[Stored entries]
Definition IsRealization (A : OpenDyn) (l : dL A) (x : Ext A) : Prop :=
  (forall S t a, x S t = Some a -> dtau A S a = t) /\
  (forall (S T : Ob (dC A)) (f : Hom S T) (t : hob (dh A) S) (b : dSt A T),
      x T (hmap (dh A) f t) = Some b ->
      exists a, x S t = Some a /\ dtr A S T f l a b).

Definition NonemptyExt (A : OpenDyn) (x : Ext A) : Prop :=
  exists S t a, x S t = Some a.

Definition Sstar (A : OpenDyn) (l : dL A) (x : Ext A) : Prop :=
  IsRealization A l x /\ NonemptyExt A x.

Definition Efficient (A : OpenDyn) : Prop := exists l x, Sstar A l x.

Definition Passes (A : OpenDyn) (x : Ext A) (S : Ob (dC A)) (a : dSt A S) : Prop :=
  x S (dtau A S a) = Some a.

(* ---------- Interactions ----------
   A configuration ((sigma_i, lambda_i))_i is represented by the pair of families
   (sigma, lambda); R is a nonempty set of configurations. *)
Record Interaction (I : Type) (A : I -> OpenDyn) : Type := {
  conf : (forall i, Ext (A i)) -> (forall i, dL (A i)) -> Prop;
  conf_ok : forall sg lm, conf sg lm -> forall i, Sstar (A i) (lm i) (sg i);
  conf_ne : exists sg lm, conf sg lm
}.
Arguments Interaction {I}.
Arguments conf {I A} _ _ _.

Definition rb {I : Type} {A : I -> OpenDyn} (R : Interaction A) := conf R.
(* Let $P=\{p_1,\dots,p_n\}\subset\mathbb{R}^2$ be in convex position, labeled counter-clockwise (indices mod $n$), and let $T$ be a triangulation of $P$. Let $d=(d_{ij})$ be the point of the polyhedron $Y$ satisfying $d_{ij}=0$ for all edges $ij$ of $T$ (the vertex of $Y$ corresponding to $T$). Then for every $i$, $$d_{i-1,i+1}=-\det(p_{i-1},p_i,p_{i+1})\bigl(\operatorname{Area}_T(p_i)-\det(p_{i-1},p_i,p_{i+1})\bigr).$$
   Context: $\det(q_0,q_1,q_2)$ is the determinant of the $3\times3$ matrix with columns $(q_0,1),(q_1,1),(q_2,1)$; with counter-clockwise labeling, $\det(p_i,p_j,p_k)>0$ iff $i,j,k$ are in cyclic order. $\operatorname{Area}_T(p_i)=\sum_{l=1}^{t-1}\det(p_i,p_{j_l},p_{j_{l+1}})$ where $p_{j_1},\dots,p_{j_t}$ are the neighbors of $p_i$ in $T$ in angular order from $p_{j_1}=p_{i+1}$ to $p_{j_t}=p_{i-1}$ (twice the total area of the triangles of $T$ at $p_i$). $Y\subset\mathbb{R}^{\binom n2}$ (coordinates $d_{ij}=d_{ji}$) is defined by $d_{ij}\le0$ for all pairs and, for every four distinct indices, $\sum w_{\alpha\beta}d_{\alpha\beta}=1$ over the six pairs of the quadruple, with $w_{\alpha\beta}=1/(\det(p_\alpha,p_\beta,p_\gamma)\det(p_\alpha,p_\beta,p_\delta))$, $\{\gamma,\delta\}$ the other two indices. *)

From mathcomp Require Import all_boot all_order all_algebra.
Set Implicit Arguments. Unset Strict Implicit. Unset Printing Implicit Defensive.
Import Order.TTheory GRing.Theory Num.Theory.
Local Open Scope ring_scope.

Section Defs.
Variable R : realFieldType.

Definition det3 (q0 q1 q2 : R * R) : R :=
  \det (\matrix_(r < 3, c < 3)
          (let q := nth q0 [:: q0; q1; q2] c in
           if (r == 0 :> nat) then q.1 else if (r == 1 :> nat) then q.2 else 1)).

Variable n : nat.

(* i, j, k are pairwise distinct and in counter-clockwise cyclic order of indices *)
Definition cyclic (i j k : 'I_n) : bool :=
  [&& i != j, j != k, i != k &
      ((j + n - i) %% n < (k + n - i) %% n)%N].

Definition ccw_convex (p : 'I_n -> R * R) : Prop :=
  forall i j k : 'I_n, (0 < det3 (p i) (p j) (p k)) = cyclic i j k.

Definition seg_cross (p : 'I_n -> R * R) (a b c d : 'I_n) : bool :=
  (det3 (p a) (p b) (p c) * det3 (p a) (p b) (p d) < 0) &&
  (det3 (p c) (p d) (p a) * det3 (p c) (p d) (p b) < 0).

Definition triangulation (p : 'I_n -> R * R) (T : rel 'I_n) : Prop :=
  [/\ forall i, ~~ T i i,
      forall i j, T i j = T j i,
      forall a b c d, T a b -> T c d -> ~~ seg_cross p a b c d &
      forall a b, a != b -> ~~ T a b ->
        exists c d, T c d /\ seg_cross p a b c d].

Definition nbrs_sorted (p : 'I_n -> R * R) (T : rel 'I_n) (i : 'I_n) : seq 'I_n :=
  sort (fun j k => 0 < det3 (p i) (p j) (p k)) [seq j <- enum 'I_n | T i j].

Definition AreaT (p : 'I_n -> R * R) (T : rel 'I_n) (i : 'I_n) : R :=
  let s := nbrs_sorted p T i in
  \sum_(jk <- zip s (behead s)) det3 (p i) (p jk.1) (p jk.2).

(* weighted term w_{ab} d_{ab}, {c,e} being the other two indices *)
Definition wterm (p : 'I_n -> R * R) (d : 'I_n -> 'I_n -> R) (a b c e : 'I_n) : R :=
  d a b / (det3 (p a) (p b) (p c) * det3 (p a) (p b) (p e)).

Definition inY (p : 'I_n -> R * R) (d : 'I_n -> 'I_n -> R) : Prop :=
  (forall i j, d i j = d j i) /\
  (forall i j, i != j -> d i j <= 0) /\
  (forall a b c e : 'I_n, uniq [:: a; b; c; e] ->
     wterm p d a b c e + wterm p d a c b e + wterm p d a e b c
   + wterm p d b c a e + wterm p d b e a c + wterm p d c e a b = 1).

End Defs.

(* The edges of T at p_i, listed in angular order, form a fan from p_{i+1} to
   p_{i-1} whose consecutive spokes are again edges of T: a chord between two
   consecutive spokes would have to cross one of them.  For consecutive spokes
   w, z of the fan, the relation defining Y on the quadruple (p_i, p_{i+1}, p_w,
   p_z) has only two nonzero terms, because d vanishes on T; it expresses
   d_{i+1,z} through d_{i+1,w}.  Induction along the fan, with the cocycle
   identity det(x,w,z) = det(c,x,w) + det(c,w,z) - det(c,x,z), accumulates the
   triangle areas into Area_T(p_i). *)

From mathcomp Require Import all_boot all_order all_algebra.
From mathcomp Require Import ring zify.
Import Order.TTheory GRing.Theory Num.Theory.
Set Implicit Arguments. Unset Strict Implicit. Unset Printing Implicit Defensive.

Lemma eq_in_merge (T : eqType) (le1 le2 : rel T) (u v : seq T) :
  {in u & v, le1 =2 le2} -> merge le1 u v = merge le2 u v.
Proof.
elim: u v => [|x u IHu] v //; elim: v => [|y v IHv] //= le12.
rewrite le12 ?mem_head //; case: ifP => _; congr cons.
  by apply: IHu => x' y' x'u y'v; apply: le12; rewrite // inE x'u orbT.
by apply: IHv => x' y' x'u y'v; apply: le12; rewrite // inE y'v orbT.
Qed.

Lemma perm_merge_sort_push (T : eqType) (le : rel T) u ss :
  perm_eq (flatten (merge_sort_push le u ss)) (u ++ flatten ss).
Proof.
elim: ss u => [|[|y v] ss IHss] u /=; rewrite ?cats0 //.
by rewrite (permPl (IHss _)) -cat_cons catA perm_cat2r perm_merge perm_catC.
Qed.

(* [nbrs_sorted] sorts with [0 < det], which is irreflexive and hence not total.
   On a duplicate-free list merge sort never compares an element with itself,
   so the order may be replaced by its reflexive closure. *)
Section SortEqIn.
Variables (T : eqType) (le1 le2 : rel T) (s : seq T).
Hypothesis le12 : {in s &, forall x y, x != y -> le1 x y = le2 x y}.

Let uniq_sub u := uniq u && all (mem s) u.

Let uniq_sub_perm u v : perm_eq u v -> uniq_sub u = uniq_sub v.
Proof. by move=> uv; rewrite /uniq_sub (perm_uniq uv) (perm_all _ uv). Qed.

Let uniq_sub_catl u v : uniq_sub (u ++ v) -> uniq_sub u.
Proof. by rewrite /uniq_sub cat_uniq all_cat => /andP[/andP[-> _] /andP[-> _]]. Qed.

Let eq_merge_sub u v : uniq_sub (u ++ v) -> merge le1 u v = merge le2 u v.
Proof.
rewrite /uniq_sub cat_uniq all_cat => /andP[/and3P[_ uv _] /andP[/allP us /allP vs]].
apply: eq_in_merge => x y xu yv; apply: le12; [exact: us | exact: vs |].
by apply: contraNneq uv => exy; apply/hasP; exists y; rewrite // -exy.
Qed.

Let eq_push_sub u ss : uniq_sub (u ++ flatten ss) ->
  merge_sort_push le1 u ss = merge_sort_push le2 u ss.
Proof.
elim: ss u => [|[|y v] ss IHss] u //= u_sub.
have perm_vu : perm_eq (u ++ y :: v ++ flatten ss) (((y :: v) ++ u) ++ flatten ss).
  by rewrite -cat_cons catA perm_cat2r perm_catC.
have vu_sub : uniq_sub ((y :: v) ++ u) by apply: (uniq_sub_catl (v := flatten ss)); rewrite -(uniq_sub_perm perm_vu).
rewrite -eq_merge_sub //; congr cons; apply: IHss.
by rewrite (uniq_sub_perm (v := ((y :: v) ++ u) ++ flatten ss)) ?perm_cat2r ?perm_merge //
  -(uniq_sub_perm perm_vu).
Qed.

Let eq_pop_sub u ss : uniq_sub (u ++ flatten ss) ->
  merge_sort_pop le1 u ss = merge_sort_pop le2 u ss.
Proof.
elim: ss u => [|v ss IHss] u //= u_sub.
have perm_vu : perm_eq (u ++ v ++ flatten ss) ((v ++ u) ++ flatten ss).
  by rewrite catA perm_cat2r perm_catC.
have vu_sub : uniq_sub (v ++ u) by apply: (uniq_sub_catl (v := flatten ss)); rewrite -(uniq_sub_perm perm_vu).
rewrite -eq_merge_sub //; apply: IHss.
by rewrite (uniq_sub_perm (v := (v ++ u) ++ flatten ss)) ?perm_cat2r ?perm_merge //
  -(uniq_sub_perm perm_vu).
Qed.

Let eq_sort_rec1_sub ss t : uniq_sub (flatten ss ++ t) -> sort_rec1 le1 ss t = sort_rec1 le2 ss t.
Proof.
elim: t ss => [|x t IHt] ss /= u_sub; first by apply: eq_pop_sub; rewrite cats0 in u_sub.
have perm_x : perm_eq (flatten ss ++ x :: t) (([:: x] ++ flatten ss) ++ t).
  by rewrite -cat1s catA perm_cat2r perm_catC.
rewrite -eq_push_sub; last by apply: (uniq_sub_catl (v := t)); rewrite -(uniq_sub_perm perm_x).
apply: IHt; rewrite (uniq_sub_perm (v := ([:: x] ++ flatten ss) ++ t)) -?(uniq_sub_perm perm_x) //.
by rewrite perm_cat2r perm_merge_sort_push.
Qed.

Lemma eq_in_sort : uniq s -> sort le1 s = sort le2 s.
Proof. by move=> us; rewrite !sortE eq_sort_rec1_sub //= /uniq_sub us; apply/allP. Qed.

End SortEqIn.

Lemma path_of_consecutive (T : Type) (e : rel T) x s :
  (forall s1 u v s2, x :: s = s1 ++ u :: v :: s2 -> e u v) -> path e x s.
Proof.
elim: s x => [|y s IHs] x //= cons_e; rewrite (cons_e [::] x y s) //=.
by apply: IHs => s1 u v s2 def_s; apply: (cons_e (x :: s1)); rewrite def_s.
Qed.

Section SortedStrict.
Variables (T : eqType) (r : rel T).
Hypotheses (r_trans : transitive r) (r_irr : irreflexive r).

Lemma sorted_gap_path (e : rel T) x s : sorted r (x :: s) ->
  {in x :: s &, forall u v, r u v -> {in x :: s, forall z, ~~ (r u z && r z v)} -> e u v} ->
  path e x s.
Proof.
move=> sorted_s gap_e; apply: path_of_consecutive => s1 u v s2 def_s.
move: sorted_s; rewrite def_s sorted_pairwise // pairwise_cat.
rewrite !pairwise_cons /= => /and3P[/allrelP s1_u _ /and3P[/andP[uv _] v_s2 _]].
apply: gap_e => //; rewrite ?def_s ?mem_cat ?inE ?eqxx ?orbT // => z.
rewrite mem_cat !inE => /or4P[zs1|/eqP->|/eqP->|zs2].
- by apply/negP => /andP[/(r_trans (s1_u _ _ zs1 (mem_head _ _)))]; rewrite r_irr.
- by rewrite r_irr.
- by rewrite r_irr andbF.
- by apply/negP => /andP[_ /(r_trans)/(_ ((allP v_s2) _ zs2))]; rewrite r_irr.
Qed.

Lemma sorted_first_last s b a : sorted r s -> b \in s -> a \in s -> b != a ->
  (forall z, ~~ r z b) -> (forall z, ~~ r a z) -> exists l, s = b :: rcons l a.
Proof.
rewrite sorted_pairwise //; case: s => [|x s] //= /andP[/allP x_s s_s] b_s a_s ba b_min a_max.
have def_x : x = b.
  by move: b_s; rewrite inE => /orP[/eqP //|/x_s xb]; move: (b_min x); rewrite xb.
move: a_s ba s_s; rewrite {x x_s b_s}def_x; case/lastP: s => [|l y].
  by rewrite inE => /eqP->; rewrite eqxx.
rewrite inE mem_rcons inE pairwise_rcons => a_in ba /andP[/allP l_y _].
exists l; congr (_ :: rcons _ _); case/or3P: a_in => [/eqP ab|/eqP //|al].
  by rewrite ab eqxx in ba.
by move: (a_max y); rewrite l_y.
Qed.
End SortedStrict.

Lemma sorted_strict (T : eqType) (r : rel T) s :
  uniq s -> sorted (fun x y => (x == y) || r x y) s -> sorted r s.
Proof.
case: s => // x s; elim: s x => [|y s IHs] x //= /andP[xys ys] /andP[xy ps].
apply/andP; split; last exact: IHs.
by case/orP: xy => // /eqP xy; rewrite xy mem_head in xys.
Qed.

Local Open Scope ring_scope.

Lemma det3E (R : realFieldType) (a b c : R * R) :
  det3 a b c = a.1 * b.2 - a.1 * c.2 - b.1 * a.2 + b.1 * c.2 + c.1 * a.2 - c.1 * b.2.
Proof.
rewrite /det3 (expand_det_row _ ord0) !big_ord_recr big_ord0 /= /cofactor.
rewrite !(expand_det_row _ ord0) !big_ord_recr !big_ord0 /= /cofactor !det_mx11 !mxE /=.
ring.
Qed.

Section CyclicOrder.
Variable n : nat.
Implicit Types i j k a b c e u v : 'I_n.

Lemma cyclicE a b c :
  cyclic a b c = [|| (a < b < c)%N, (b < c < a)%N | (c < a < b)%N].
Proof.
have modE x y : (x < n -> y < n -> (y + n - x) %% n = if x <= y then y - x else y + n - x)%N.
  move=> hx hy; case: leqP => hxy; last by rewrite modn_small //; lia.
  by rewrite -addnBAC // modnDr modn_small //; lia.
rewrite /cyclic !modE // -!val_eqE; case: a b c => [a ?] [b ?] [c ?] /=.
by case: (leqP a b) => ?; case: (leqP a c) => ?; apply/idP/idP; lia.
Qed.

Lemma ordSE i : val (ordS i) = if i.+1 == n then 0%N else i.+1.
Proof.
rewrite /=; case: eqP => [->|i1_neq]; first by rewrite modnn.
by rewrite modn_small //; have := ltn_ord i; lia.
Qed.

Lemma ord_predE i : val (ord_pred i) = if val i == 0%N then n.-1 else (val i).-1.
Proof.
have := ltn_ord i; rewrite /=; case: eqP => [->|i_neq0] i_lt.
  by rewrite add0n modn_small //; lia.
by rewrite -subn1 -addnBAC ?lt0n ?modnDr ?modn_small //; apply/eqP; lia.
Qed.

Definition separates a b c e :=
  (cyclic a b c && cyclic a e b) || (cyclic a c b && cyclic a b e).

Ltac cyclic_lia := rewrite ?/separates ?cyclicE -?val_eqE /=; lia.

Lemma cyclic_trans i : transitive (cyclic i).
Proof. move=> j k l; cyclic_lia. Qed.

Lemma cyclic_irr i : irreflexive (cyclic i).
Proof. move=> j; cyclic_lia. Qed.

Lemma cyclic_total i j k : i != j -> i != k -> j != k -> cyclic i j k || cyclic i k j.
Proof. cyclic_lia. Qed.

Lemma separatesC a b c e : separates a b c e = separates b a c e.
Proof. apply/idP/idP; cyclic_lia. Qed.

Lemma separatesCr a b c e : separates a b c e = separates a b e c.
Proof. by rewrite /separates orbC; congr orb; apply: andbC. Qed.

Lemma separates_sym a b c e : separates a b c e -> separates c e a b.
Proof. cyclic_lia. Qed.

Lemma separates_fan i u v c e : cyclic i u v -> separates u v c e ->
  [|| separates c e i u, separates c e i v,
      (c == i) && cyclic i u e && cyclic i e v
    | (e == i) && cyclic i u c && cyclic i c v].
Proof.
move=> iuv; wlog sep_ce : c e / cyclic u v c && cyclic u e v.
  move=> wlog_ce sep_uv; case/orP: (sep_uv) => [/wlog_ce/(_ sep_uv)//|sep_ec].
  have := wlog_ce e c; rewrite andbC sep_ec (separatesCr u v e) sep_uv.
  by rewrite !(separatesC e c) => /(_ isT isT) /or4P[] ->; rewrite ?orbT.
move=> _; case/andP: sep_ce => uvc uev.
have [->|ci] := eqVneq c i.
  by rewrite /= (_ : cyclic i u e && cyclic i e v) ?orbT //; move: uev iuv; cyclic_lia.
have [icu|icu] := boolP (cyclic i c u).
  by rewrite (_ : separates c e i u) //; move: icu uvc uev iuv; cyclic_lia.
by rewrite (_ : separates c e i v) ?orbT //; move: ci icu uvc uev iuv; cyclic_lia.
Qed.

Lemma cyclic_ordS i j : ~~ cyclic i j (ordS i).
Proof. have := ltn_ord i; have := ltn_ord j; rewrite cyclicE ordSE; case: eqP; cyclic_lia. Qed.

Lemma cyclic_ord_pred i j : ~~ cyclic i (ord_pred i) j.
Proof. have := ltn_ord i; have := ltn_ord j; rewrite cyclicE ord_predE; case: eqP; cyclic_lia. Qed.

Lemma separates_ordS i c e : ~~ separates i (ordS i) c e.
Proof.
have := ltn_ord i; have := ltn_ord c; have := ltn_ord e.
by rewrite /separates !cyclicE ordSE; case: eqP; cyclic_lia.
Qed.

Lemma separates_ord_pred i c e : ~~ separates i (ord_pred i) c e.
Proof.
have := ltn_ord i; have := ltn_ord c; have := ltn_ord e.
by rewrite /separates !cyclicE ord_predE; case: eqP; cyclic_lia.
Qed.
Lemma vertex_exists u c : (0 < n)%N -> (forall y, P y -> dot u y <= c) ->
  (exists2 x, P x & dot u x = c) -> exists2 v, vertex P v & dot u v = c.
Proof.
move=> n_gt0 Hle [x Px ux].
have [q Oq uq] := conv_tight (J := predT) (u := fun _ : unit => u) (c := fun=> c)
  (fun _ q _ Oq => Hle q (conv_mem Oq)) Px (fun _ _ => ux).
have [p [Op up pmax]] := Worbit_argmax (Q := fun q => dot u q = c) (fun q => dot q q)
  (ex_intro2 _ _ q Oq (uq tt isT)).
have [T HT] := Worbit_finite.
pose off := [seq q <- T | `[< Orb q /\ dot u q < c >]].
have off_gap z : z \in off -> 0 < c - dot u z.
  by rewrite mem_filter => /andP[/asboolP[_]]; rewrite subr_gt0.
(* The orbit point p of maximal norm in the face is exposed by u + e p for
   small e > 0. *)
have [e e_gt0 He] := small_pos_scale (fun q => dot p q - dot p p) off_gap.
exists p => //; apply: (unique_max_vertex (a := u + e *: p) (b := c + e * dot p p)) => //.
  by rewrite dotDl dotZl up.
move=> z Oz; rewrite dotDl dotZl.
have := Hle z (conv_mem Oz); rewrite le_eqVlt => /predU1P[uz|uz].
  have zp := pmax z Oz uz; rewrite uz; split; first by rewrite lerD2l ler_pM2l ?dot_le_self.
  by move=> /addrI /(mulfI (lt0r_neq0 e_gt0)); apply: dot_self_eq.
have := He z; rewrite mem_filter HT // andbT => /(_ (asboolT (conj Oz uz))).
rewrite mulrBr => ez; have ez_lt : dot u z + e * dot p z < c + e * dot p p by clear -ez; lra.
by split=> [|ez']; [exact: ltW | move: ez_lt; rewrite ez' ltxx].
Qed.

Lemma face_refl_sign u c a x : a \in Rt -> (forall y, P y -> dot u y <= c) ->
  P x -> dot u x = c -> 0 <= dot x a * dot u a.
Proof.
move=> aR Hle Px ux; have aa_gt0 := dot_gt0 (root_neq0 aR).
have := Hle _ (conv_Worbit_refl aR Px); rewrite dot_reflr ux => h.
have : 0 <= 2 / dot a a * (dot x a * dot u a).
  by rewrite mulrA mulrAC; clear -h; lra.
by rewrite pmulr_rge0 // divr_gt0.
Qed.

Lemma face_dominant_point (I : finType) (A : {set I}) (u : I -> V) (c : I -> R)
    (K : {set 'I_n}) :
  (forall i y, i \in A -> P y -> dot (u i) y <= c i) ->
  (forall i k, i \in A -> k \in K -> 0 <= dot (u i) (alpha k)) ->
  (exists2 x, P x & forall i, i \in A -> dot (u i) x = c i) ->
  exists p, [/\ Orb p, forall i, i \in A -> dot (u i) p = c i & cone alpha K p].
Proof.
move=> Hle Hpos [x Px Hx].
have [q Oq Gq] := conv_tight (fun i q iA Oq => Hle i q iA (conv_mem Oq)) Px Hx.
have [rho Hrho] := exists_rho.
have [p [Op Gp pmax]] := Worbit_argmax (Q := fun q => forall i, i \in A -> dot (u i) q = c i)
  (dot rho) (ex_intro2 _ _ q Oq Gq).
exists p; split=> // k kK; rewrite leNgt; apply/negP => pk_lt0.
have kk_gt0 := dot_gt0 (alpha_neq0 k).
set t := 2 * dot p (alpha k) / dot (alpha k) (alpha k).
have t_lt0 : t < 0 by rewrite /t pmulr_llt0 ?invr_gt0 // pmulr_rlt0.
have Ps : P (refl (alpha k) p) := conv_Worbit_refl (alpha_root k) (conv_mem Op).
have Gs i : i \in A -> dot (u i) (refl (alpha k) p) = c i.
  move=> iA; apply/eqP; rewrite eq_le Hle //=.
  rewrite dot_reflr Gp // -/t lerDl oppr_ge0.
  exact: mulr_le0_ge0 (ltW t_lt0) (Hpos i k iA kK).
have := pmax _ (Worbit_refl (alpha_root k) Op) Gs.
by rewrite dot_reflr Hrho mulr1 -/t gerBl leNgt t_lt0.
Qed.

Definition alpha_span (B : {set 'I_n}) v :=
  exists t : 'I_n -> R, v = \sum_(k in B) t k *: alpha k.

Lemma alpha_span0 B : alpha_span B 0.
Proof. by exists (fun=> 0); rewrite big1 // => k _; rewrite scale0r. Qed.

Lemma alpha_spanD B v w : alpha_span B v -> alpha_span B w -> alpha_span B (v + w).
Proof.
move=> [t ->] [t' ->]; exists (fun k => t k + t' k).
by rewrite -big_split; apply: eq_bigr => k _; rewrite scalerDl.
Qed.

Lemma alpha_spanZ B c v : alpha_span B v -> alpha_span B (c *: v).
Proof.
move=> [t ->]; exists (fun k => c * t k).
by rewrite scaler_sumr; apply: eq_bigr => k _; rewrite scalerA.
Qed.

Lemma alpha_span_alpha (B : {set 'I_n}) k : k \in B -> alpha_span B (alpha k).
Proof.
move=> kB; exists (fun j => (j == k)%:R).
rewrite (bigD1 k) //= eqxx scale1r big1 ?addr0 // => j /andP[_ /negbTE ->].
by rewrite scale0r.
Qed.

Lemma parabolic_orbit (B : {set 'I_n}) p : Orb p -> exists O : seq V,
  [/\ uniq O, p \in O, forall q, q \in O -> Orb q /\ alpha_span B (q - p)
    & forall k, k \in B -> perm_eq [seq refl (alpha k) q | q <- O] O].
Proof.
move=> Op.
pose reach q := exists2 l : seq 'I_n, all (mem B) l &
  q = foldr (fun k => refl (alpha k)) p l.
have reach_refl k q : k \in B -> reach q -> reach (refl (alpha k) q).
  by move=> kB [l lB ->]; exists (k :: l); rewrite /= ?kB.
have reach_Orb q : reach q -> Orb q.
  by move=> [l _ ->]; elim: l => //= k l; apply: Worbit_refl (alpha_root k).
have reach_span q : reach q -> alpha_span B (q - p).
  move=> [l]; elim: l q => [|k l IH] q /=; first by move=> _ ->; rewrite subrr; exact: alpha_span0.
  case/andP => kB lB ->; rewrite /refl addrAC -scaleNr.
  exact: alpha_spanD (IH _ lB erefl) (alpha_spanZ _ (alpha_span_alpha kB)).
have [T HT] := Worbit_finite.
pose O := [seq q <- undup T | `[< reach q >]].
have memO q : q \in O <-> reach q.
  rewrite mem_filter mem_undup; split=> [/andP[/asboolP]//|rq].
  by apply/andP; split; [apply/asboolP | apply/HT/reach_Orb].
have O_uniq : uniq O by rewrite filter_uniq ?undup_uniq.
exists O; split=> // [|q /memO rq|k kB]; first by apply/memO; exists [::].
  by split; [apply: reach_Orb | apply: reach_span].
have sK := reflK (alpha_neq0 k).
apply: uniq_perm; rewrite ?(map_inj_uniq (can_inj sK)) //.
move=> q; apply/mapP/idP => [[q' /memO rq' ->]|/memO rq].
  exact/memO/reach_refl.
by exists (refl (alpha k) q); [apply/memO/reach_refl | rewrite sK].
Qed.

**What to produce:** Start at the first line of the entries above. Set down each line exactly through the one with "conf_ok : forall", and stop there.

**Task response:**
Definition IsRealization (A : OpenDyn) (l : dL A) (x : Ext A) : Prop :=
  (forall S t a, x S t = Some a -> dtau A S a = t) /\
  (forall (S T : Ob (dC A)) (f : Hom S T) (t : hob (dh A) S) (b : dSt A T),
      x T (hmap (dh A) f t) = Some b ->
      exists a, x S t = Some a /\ dtr A S T f l a b).

Definition NonemptyExt (A : OpenDyn) (x : Ext A) : Prop :=
  exists S t a, x S t = Some a.

Definition Sstar (A : OpenDyn) (l : dL A) (x : Ext A) : Prop :=
  IsRealization A l x /\ NonemptyExt A x.

Definition Efficient (A : OpenDyn) : Prop := exists l x, Sstar A l x.

Definition Passes (A : OpenDyn) (x : Ext A) (S : Ob (dC A)) (a : dSt A S) : Prop :=
  x S (dtau A S a) = Some a.

(* ---------- Interactions ----------
   A configuration ((sigma_i, lambda_i))_i is represented by the pair of families
   (sigma, lambda); R is a nonempty set of configurations. *)
Record Interaction (I : Type) (A : I -> OpenDyn) : Type := {
  conf : (forall i, Ext (A i)) -> (forall i, dL (A i)) -> Prop;
  conf_ok : forall sg lm, conf sg lm -> forall i, Sstar (A i) (lm i) (sg i);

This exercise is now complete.